The core result is that randomly fixing each neuron to either Tanh or Swish with probability p produces a continuous transition in preactivation variance scaling with depth. Below p_c variance collapses, above it inflates, and exactly at p_c the variance becomes depth-independent without needing non-smooth activations. That is the new piece: a statistical mixture as a control knob between universality classes that were previously separated by activation choice alone. They back this with the usual variance recursion, plus parallel and perpendicular susceptibilities and Lyapunov exponents, then show that MLP training on real data peaks in test performance near the predicted p_c and that the mixture suppresses memorization of corrupted labels. Those training curves are the most concrete evidence they offer that the initialization transition matters for learning. The derivations appear to stay inside the standard effective field theory framework, which is fine as far as it goes, but the quenched per-neuron choice means the moments of the nonlinearity are random; if the paper simply plugs the p-averaged activation into the Gaussian integral instead of averaging the integral result, the location of p_c and the sharpness of the transition could shift.
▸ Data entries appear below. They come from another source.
(* Let $q$ be a prime power and $X\subseteq\mathbb{P}^2$ the Hermitian curve over $\mathbb{F}_{q^2}$. Fix an integer $e\in\{2,\dots,q+1\}$ and a point $P\in X(\mathbb{F}_{q^2})$. Let $E\subseteq X$ be the divisor $eP$, seen as a closed degree $e$ subscheme of $\mathbb{P}^2$. Let $T\subseteq\mathbb{P}^2$ be any effective divisor (a plane curve, possibly with multiple components) of degree at most $e-1$ containing $E$. Then $L_{X,P}\subseteq T$, i.e. $L_{X,P}$ is one of the components of $T$.
   Context: $\mathbb{P}^2$ is the projective plane over $\mathbb{F}_{q^2}$ with coordinates $(x:y:z)$. The Hermitian curve $X$ is the projective plane curve with affine equation $y+y^q=x^{q+1}$; it is smooth of degree $q+1$. For $P\in X(\mathbb{F}_{q^2})$, $L_{X,P}$ denotes the tangent line to $X$ at $P$. *)

(* with multinomials' mpoly for polynomials in x = 'X_0, y = 'X_1, z = 'X_2. *)
From mathcomp Require Import all_boot all_algebra.
From mathcomp Require Import mpoly.

Set Implicit Arguments.
Unset Strict Implicit.
Unset Printing Implicit Defensive.

Import GRing.Theory.
Local Open Scope ring_scope.

Section Hermitian.
Variable F : fieldType.

(* Homogeneous Hermitian polynomial  y z^q + y^q z - x^(q+1)
   (affine equation y + y^q = x^(q+1) in the chart z = 1). *)
Definition herm_poly (q : nat) : {mpoly F[3]} :=
  'X_1 * 'X_2 ^+ q + 'X_1 ^+ q * 'X_2 - 'X_0 ^+ q.+1.

Definition proj_point (p : 'I_3 -> F) : Prop := exists i, p i != 0.

Definition tangent_line (H : {mpoly F[3]}) (p : 'I_3 -> F) : {mpoly F[3]} :=
  \sum_(i < 3) ((H^`M(i)).@[p])%:MP * 'X_i.

(* Generators of the homogeneous ideal I_p of the point p : 2x2 minors. *)
Definition point_ideal_gens (p : 'I_3 -> F) : seq {mpoly F[3]} :=
  [seq (p i)%:MP * 'X_j - (p j)%:MP * 'X_i | i <- enum 'I_3, j <- enum 'I_3].

Fixpoint pow_gens (gs : seq {mpoly F[3]}) (e : nat) : seq {mpoly F[3]} :=
  match e with
  | 0 => [:: 1]
  | e'.+1 => [seq g * h | g <- gs, h <- pow_gens gs e']
  end.

Definition in_ideal (gs : seq {mpoly F[3]}) (f : {mpoly F[3]}) : Prop :=
  exists c : 'I_(size gs) -> {mpoly F[3]}, f = \sum_(i < size gs) c i * gs`_i.

(* The closed subscheme E = eP of the curve {H = 0} (P smooth), seen in P^2,
   is contained in the plane curve T = {G = 0}.  Locally at P the ideal of E
   in O_{P^2,P} is (H) + m_P^e; so E \subseteq T iff G lies in the
   localisation at P of the homogeneous ideal (H) + I_P^e, i.e. iff
   S * G lies in (H) + I_P^e for some S with S(P) <> 0. *)
Definition subscheme_contained (H : {mpoly F[3]}) (p : 'I_3 -> F) (e : nat)
    (G : {mpoly F[3]}) : Prop :=
  exists S : {mpoly F[3]},
    S.@[p] != 0 /\ in_ideal (H :: pow_gens (point_ideal_gens p) e) (S * G).

End Hermitian.

(* Let L be the tangent line, choose j with dH/dX_j (P) <> 0 and let s be the
   projection onto {L = 0} along the X_j-axis, so that L divides G - G(s).  The
   direction D = s - P satisfies the tangency equation and, raising it to the
   q-th power and using x^(q^2) = x on F_(q^2), also its conjugate; hence H
   restricted to the line t |-> P + t D is divisible by t^(q+1): the tangent
   line meets X at P with multiplicity q + 1 >= e.  Restricting to this line
   therefore sends (H) + I_P^e into (t^e), and S * G into (t^e) with S(P) <> 0;
   since G has degree < e in t, G vanishes on the line, i.e. G(s) = 0. *)

From HB Require Import structures.
From mathcomp Require Import all_boot all_algebra finfield.
From mathcomp Require Import mpoly.
From mathcomp Require Import ring zify.

Set Implicit Arguments.
Unset Strict Implicit.
Unset Printing Implicit Defensive.

Import GRing.Theory.
Local Open Scope ring_scope.

Lemma pnat_pchar_expn (R : nzRingType) (l k : nat) :
  l \in [pchar R] -> [pchar R].-nat (l ^ k)%N.
Proof. by move=> charRl; rewrite pnatX pnatE ?charRl ?(pcharf_prime charRl). Qed.

Lemma natr_pchar_expS (R : nzRingType) (l k : nat) :
  l \in [pchar R] -> (l ^ k.+1)%N%:R = 0 :> R.
Proof. by move=> charRl; apply/eqP; rewrite -(dvdn_pcharf charRl) dvdn_exp. Qed.

Lemma sum_ord3 (V : nmodType) (f : 'I_3 -> V) : \sum_(i < 3) f i = f 0 + f 1 + f 2.
Proof.
rewrite !big_ord_recl big_ord0 addr0 addrA.
by congr (f _ + f _ + f _); apply: val_inj.
Qed.

Lemma leq_size_mul (R : comNzRingType) (a b : {poly R}) (x y : nat) :
  (size a <= x.+1)%N -> (size b <= y.+1)%N -> (size (a * b)%R <= (x + y).+1)%N.
Proof.
move=> ha hb; apply: leq_trans (size_polyMleq _ _) _.
by move: (size a) (size b) ha hb => sa sb; lia.
Qed.

Lemma eq0_of_Xn_dvd_mul (A : idomainType) (s g r : {poly A}) (e : nat) :
  s`_0 != 0 -> s * g = 'X^e * r -> (size g <= e)%N -> g = 0.
Proof.
move=> s0 hsg hg.
have low k : (k < e)%N -> g`_k = 0.
  elim/ltn_ind: k => k IH ke.
  have := congr1 (fun p : {poly A} => p`_k) hsg.
  rewrite /= coefXnM ke coefM big_ord_recl subn0 big1 ?addr0.
    by move/eqP; rewrite mulf_eq0 (negbTE s0) => /eqP.
  move=> i _; rewrite IH ?mulr0 //; last exact: leq_ltn_trans (leq_subr _ _) ke.
  by rewrite lift0; have := ltn_ord i; lia.
apply/polyP => k; rewrite coef0; have [/low //|ek] := ltnP k e.
by rewrite nth_default // (leq_trans hg ek).
Qed.

Lemma mderivXU n (R : nzRingType) (i j : 'I_n) :
  ('X_j : {mpoly R[n]})^`M(i) = (i == j)%:R.
Proof.
rewrite mderivX mnm1E eq_sym; have [->|_] := eqVneq i j; last by rewrite scale0r.
have -> : (U_(j) - U_(j) = 0)%MM by apply/mnmP => k; rewrite mnmBE subnn mnm0E.
by rewrite scale1r mpolyX0.
Qed.

Lemma mderiv_expn n (R : comNzRingType) (i : 'I_n) (p : {mpoly R[n]}) (k : nat) :
  (p ^+ k)^`M(i) = (p ^+ k.-1 * p^`M(i)) *+ k.
Proof.
case: k => [|k]; first by rewrite expr0 -mpolyC1 mderivC mulr0n.
elim: k => [|k IH]; first by rewrite expr0 mul1r expr1.
by rewrite exprS mderivM IH mulrnAr mulrA -exprS (mulrS _ k.+1) mulrC.
Qed.

Lemma eq_mmap n (R S : nzRingType) (f1 f2 : R -> S) (h1 h2 : 'I_n -> S) p :
  f1 =1 f2 -> h1 =1 h2 -> mmap f1 h1 p = mmap f2 h2 p.
Proof.
move=> ef eh; apply: eq_bigr => m _; rewrite ef; congr (_ * _).
exact: mmap1_eq.
Qed.

Lemma rmorph_mmap n (R : nzRingType) (S T : comNzRingType) (f : R -> S)
    (h : 'I_n -> S) (phi : {rmorphism S -> T}) p :
  phi (mmap f h p) = mmap (phi \o f) (phi \o h) p.
Proof.
rewrite rmorph_sum; apply: eq_bigr => m _; rewrite rmorphM rmorph_prod.
by congr (_ * _); apply: eq_bigr => i _; rewrite rmorphXn.
Qed.

Lemma size_mmap_affine n (R : nzRingType) (S : comNzRingType) (f : R -> {poly S})
    (h : 'I_n -> {poly S}) p :
  (forall c, size (f c) <= 1)%N -> (forall i, size (h i) <= 2)%N ->
  (size (mmap f h p) <= msize p)%N.
Proof.
move=> hf hh; have size_mmap1 m : (size (mmap1 h m) <= (mdeg m).+1)%N.
  rewrite /mmap1 mdegE; elim/big_rec2: _ => [|i a b _ hb]; first by rewrite size_poly1.
  apply: leq_size_mul hb; apply: leq_trans (size_poly_exp_leq _ _) _.
  by have := hh i; case: (size (h i)) => [|[|[|]]] //= _; rewrite ?mul0n ?mul1n.
rewrite /mmap big_seq; elim/big_rec: _ => [|m a mp ha]; first by rewrite size_poly0.
apply: leq_trans (size_polyD _ _) _; rewrite geq_max ha andbT.
apply: leq_trans (msize_mdeg_lt mp); rewrite -(add0n (mdeg m)).
exact: leq_size_mul (hf _) (size_mmap1 m).
Qed.

Lemma msize_dhomog n (R : nzRingType) (p : {mpoly R[n]}) (d : nat) :
  p \is d.-homog -> (msize p <= d.+1)%N.
Proof.
move/dhomogP => hp; rewrite msizeE big_seq.
by elim/big_rec: _ => // m a mp ha; rewrite geq_max ha (hp m mp) leqnn.
Qed.

Lemma sub_mmapC_dvd n (R : comNzRingType) (L : {mpoly R[n]}) (s : 'I_n -> {mpoly R[n]})
    (f : {mpoly R[n]}) :
  (forall i, exists Q, 'X_i - s i = L * Q) ->
  exists Q, f - mmap (@mpolyC n R) s f = L * Q.
Proof.
move=> hs; pose phi := mmap (@mpolyC n R) s.
pose D g := exists Q, g - phi g = L * Q.
have DM g h : D g -> D h -> D (g * h).
  move=> [Qg eg] [Qh eh]; exists (g * Qh + Qg * phi h).
  rewrite /phi rmorphM -/phi mulrDr mulrA (mulrC L g) -mulrA -eh mulrA -eg.
  by rewrite mulrBr mulrBl addrA subrK.
have DD g h : D g -> D h -> D (g + h).
  move=> [Qg eg] [Qh eh]; exists (Qg + Qh).
  by rewrite /phi rmorphD -/phi mulrDr -eg -eh opprD addrACA.
have DC c : D c%:MP by exists 0; rewrite /phi mmapC subrr mulr0.
have DX i : D 'X_i by rewrite /D /phi mmapX mmap1U.
rewrite [f]mpolyE; apply: (big_ind D) => [|//|m _]; first by rewrite -mpolyC0.
rewrite -mul_mpolyC; apply: (DM) => //; rewrite mpolyXE_id.
apply: (big_ind D) => [|//|i _]; first by rewrite -mpolyC1.
by elim: (m i) => [|k IH]; rewrite ?expr0 -?mpolyC1 // exprS; apply: (DM).
Qed.

Section LinearForm.
Variables (n : nat) (F : fieldType) (c : 'I_n -> F) (j : 'I_n).
Hypothesis cj_neq0 : c j != 0.
Local Notation L := (\sum_(i < n) (c i)%:MP * 'X_i : {mpoly F[n]}).

(* Projection onto the hyperplane [L = 0] along the [j]-th coordinate axis. *)
Definition lin_proj (i : 'I_n) : {mpoly F[n]} := 'X_i - ((i == j)%:R / c j)%:MP * L.

Lemma linear_form_lin_proj : \sum_(i < n) (c i)%:MP * lin_proj i = 0.
Proof.
rewrite /lin_proj; set L := \sum_(i < n) (c i)%:MP * 'X_i.
under eq_bigr do rewrite mulrBr; rewrite sumrB -/L (bigD1 j) //= big1 ?addr0.
  by rewrite eqxx mul1r mulrA -rmorphM divff // mul1r subrr.
by move=> i /negbTE ->; rewrite mul0r mpolyC0 mul0r mulr0.
Qed.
The abstract does not spell out the order of averaging, so that step is the main place I would press in a review. The experiments are suggestive but the write-up gives no error bars, no statement of how many seeds were used, and no clear separation between the theoretically computed p_c and any post-hoc adjustment, which makes the “confirmation” harder to weigh. Overall this is a solid idea for people who care about initialization, curvature-based training, or physics-informed networks. It is worth sending to referees because the construction is simple, the claimed resolution of the smoothness-versus-scale-invariance tension is direct, and the training results tie the theory to practice even if the disorder averaging needs tightening.

Referee Report

3 major / 2 minor

Summary. The manuscript proposes a statistical mixture of activation functions (Tanh and Swish) in which each neuron independently draws its nonlinearity from the two-component distribution with fixed mixing fraction p. This quenched disorder is claimed to induce a continuous phase transition at a critical p_c, separating a variance-collapsing regime from a variance-inflating regime; at p_c the preactivation variance becomes depth-independent, yielding statistical scale invariance while preserving smoothness. The transition is derived within an effective field theory of signal propagation, corroborated by parallel/perpendicular susceptibilities and Lyapunov exponents, and tested via MLP training experiments that exhibit non-monotonic test performance peaking near the predicted p_c, with the mixture acting as a structural regularizer.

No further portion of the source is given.